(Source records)
--
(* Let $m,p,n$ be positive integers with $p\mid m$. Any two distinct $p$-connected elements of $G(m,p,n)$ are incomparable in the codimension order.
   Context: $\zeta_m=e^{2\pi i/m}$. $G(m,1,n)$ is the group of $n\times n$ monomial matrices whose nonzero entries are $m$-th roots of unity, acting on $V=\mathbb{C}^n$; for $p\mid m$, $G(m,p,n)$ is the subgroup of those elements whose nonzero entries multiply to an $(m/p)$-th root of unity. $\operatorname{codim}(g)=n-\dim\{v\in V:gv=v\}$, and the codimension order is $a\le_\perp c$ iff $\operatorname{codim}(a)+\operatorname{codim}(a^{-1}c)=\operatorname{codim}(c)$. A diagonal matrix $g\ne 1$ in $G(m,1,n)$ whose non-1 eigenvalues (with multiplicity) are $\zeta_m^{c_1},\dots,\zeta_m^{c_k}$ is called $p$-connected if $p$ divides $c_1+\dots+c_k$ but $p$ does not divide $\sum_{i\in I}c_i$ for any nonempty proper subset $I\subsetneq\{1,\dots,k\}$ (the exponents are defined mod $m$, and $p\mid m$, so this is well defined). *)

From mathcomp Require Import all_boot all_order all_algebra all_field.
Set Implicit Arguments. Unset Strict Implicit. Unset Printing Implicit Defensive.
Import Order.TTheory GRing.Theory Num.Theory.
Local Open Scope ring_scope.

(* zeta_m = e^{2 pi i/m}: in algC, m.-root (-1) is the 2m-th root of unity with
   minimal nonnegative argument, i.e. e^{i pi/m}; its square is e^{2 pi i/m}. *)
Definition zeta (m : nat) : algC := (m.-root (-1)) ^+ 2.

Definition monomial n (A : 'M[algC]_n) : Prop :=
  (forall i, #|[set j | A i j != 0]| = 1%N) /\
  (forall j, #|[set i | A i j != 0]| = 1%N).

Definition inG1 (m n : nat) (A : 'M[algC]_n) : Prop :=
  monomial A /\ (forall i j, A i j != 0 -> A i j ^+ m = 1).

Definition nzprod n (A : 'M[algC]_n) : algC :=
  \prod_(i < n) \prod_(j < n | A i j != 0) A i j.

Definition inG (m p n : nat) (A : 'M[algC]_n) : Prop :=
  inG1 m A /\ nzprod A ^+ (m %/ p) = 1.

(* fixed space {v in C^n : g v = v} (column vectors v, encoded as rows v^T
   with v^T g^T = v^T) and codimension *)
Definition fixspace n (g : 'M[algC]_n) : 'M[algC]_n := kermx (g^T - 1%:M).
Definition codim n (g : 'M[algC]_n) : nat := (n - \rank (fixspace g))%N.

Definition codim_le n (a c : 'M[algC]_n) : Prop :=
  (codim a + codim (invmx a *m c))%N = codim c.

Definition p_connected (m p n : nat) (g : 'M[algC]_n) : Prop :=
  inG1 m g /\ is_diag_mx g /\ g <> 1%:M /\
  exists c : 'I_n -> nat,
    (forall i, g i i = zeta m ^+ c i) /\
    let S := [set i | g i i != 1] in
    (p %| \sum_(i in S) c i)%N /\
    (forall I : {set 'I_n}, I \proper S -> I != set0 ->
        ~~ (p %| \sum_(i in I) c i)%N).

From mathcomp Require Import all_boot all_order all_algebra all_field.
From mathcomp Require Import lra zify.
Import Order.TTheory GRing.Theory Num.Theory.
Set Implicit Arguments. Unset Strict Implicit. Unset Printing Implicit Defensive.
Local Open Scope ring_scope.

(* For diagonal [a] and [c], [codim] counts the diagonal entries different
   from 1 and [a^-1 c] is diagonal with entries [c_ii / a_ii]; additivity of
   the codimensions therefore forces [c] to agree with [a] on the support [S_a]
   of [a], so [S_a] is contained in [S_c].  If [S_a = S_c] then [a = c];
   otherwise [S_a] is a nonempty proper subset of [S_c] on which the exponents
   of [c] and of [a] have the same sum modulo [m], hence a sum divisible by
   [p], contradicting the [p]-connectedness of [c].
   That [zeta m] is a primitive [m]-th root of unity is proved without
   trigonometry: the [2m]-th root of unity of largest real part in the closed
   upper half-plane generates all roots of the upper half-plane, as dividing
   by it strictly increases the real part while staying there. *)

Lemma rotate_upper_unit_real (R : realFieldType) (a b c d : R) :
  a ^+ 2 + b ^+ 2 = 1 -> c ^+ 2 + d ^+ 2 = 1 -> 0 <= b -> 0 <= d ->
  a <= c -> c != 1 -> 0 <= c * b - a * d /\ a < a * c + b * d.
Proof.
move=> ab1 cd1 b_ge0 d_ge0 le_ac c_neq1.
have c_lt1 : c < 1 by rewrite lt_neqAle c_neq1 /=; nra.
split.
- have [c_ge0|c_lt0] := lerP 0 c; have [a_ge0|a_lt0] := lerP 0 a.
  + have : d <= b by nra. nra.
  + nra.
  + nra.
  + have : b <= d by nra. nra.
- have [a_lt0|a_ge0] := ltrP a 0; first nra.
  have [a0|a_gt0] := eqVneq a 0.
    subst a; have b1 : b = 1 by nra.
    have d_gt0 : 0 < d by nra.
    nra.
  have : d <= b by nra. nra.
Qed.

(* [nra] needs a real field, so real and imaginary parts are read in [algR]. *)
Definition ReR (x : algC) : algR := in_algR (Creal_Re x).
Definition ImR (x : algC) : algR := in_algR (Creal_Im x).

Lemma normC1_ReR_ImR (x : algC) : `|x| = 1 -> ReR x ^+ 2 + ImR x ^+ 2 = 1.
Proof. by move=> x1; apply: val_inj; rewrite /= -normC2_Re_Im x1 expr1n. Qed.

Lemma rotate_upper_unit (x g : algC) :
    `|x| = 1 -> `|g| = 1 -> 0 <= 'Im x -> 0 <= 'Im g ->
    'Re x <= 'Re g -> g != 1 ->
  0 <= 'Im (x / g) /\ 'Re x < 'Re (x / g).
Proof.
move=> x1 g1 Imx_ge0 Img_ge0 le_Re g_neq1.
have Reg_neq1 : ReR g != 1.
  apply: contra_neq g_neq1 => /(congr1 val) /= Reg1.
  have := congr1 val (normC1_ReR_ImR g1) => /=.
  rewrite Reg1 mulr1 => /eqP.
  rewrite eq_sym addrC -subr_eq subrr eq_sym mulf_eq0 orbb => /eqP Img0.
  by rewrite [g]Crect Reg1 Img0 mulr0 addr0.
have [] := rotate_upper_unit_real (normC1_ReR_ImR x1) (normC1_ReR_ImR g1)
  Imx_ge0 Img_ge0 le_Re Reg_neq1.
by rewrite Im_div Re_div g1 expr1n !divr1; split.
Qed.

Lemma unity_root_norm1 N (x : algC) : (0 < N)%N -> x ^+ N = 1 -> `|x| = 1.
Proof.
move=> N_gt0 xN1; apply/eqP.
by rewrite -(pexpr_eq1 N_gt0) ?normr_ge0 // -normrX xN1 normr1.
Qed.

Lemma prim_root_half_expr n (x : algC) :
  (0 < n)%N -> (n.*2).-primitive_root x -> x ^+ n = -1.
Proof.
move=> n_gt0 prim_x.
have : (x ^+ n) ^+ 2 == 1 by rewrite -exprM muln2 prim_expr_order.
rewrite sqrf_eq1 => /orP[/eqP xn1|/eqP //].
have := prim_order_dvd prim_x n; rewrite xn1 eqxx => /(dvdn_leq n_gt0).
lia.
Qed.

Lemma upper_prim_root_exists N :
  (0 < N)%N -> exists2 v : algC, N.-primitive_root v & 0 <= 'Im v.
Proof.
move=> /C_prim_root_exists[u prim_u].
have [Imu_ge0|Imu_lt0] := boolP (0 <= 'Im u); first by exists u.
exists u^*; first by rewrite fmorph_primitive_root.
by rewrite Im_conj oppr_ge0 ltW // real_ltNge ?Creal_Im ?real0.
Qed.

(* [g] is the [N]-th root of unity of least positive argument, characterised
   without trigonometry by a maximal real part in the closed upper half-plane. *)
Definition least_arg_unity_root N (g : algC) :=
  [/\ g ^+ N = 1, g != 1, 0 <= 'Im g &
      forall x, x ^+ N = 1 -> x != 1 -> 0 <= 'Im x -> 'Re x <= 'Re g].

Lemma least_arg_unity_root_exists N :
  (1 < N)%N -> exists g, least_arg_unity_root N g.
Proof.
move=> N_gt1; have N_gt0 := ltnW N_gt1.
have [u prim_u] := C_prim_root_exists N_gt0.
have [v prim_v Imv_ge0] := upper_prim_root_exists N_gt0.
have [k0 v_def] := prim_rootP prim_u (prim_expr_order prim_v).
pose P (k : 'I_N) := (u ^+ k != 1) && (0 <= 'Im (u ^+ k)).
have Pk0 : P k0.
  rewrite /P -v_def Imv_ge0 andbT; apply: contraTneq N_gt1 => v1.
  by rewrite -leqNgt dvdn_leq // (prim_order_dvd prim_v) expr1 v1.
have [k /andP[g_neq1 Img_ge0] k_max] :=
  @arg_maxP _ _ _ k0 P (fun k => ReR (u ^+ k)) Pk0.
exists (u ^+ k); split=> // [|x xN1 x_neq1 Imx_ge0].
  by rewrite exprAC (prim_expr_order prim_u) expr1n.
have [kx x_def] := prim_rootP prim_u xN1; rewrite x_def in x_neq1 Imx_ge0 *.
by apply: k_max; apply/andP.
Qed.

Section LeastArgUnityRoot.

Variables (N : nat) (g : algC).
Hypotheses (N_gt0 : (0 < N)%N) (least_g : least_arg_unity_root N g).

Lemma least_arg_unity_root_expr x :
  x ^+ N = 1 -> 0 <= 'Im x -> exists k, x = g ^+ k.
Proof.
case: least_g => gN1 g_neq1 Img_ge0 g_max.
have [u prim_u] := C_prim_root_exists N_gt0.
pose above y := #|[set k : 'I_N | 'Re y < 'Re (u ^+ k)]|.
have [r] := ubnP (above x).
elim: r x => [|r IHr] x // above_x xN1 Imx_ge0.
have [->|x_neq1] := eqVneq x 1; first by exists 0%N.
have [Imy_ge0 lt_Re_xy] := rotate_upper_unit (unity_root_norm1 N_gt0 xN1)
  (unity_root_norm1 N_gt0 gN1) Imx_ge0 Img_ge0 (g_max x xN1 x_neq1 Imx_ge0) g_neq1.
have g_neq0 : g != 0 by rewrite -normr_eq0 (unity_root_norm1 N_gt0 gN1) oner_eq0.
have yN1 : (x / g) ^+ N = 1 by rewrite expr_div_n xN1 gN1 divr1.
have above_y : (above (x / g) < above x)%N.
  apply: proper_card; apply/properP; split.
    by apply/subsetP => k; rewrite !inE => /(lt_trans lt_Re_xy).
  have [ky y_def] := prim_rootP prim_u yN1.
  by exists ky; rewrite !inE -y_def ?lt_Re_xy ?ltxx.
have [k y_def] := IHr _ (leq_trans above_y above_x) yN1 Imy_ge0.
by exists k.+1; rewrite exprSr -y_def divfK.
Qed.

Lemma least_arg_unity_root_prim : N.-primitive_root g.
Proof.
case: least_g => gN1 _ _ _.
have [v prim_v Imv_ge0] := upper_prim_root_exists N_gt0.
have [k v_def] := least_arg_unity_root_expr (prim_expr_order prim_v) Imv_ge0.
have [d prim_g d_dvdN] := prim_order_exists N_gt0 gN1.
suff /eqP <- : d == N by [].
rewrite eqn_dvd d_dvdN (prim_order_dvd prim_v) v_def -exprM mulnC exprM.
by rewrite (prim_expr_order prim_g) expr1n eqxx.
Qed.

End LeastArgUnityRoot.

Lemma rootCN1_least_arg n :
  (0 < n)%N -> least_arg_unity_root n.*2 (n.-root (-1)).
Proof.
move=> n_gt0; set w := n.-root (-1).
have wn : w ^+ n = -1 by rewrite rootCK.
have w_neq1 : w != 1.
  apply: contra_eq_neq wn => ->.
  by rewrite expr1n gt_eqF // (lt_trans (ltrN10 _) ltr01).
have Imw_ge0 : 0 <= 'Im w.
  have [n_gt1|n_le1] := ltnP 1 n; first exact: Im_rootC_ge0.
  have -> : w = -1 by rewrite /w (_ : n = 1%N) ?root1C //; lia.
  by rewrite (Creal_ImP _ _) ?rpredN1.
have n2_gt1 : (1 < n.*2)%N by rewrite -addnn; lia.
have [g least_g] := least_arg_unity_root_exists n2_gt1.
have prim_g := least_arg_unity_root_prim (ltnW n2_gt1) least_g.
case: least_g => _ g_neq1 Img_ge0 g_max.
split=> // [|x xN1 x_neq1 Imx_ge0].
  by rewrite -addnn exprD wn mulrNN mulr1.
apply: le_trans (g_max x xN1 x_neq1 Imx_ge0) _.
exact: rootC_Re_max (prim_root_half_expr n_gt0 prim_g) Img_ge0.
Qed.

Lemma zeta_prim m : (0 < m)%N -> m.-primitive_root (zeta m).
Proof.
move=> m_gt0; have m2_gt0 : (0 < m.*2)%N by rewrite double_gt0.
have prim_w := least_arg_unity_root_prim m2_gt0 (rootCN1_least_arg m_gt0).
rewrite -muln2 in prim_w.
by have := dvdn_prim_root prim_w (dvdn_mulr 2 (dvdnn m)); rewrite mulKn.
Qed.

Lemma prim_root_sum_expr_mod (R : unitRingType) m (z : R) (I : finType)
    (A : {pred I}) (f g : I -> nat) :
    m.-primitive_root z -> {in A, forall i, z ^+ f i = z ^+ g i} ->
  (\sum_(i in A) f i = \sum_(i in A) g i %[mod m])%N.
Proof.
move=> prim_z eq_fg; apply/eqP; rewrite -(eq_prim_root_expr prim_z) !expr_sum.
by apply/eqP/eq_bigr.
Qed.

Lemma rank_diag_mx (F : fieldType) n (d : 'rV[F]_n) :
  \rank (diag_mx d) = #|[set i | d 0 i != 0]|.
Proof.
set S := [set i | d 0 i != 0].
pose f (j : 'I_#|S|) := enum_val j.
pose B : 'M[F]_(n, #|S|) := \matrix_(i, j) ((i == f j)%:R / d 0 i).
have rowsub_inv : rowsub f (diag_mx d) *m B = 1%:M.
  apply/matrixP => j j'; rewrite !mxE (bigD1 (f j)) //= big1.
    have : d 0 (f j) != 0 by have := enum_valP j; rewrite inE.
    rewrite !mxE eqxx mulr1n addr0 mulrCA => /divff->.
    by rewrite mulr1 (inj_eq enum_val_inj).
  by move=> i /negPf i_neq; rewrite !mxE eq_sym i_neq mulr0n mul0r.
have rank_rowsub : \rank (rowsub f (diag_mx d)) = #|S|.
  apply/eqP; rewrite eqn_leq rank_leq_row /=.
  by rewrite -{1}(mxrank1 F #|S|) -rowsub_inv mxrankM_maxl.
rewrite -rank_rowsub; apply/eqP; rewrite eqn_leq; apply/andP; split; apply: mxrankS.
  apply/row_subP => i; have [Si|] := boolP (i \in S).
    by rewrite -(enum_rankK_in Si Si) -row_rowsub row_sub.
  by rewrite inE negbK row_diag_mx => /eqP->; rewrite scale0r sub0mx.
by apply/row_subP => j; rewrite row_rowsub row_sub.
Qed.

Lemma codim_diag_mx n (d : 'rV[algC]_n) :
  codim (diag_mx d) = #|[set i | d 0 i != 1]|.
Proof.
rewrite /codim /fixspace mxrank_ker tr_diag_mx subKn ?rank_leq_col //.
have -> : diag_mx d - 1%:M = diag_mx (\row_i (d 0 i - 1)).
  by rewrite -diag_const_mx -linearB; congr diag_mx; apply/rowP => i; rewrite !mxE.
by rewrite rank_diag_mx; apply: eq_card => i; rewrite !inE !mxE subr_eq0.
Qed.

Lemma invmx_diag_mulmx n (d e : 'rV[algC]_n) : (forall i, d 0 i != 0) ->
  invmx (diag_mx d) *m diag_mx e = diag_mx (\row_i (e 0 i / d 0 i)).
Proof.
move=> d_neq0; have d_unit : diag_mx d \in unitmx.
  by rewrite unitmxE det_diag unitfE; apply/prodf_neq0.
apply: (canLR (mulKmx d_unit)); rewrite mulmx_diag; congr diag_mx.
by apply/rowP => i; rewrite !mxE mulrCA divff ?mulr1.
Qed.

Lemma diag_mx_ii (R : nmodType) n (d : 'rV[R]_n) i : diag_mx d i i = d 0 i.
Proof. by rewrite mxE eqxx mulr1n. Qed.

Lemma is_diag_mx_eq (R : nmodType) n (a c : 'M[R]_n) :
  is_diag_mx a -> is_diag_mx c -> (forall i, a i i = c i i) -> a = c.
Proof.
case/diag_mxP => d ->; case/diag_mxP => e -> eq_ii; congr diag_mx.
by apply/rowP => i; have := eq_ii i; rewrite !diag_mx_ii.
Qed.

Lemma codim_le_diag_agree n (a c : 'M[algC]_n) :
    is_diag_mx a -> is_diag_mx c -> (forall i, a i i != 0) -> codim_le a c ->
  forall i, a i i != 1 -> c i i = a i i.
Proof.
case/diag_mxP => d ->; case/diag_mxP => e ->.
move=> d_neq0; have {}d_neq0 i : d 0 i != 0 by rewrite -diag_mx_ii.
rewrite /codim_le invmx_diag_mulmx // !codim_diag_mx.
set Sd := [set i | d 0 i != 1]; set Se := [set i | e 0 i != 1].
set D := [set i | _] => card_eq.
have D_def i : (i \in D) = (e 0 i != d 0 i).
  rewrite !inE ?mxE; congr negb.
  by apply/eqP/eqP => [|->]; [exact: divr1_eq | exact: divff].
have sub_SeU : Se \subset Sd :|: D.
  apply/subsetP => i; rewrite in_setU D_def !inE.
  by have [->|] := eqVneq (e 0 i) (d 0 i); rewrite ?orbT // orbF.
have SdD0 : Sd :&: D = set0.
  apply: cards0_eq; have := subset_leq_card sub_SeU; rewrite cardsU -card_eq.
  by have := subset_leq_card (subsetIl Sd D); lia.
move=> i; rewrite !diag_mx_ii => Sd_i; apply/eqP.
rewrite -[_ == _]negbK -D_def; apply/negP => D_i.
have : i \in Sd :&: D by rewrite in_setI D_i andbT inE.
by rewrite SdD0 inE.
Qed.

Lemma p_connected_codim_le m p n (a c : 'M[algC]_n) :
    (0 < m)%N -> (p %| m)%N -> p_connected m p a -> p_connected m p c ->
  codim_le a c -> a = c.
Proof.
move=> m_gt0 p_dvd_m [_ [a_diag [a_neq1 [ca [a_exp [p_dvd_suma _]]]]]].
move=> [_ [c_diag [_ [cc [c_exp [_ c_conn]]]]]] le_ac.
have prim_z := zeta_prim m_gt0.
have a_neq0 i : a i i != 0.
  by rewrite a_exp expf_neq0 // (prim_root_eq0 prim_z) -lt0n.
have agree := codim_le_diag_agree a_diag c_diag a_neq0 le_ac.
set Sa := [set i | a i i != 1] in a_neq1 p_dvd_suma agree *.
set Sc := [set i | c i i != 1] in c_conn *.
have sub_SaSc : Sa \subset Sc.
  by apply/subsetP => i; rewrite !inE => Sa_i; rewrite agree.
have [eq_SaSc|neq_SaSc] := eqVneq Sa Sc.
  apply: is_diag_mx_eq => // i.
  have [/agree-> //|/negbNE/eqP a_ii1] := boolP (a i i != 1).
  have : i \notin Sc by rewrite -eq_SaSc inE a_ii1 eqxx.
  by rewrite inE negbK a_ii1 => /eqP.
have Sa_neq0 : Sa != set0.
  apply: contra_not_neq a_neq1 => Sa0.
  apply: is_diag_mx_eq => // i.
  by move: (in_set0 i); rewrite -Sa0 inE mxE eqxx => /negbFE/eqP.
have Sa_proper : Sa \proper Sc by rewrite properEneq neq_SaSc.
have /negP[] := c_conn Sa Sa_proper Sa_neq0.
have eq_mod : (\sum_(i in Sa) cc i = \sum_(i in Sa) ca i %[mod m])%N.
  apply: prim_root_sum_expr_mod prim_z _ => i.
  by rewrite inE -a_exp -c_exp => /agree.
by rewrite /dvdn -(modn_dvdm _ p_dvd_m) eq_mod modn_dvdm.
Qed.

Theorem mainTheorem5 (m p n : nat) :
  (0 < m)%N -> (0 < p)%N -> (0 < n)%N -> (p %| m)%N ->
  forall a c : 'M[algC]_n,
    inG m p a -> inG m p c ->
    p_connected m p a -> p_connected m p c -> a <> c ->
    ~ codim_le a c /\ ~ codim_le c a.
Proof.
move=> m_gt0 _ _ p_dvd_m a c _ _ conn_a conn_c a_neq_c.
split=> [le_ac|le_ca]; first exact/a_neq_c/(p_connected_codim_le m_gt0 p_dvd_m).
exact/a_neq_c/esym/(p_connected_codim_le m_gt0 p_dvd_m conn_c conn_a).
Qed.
--
**What needs to be done**
Please reproduce exactly the lines from the first one of the records above through the line containing "with v^T g^T = v^T) and codimension *)", both included, and nothing else.

**Answer space**
(* Let $m,p,n$ be positive integers with $p\mid m$. Any two distinct $p$-connected elements of $G(m,p,n)$ are incomparable in the codimension order.
   Context: $\zeta_m=e^{2\pi i/m}$. $G(m,1,n)$ is the group of $n\times n$ monomial matrices whose nonzero entries are $m$-th roots of unity, acting on $V=\mathbb{C}^n$; for $p\mid m$, $G(m,p,n)$ is the subgroup of those elements whose nonzero entries multiply to an $(m/p)$-th root of unity. $\operatorname{codim}(g)=n-\dim\{v\in V:gv=v\}$, and the codimension order is $a\le_\perp c$ iff $\operatorname{codim}(a)+\operatorname{codim}(a^{-1}c)=\operatorname{codim}(c)$. A diagonal matrix $g\ne 1$ in $G(m,1,n)$ whose non-1 eigenvalues (with multiplicity) are $\zeta_m^{c_1},\dots,\zeta_m^{c_k}$ is called $p$-connected if $p$ divides $c_1+\dots+c_k$ but $p$ does not divide $\sum_{i\in I}c_i$ for any nonempty proper subset $I\subsetneq\{1,\dots,k\}$ (the exponents are defined mod $m$, and $p\mid m$, so this is well defined). *)

From mathcomp Require Import all_boot all_order all_algebra all_field.
Set Implicit Arguments. Unset Strict Implicit. Unset Printing Implicit Defensive.
Import Order.TTheory GRing.Theory Num.Theory.
Local Open Scope ring_scope.

(* zeta_m = e^{2 pi i/m}: in algC, m.-root (-1) is the 2m-th root of unity with
   minimal nonnegative argument, i.e. e^{i pi/m}; its square is e^{2 pi i/m}. *)
Definition zeta (m : nat) : algC := (m.-root (-1)) ^+ 2.

Definition monomial n (A : 'M[algC]_n) : Prop :=
  (forall i, #|[set j | A i j != 0]| = 1%N) /\
  (forall j, #|[set i | A i j != 0]| = 1%N).

Definition inG1 (m n : nat) (A : 'M[algC]_n) : Prop :=
  monomial A /\ (forall i j, A i j != 0 -> A i j ^+ m = 1).

Definition nzprod n (A : 'M[algC]_n) : algC :=
  \prod_(i < n) \prod_(j < n | A i j != 0) A i j.

Definition inG (m p n : nat) (A : 'M[algC]_n) : Prop :=
  inG1 m A /\ nzprod A ^+ (m %/ p) = 1.

(* fixed space {v in C^n : g v = v} (column vectors v, encoded as rows v^T
   with v^T g^T = v^T) and codimension *)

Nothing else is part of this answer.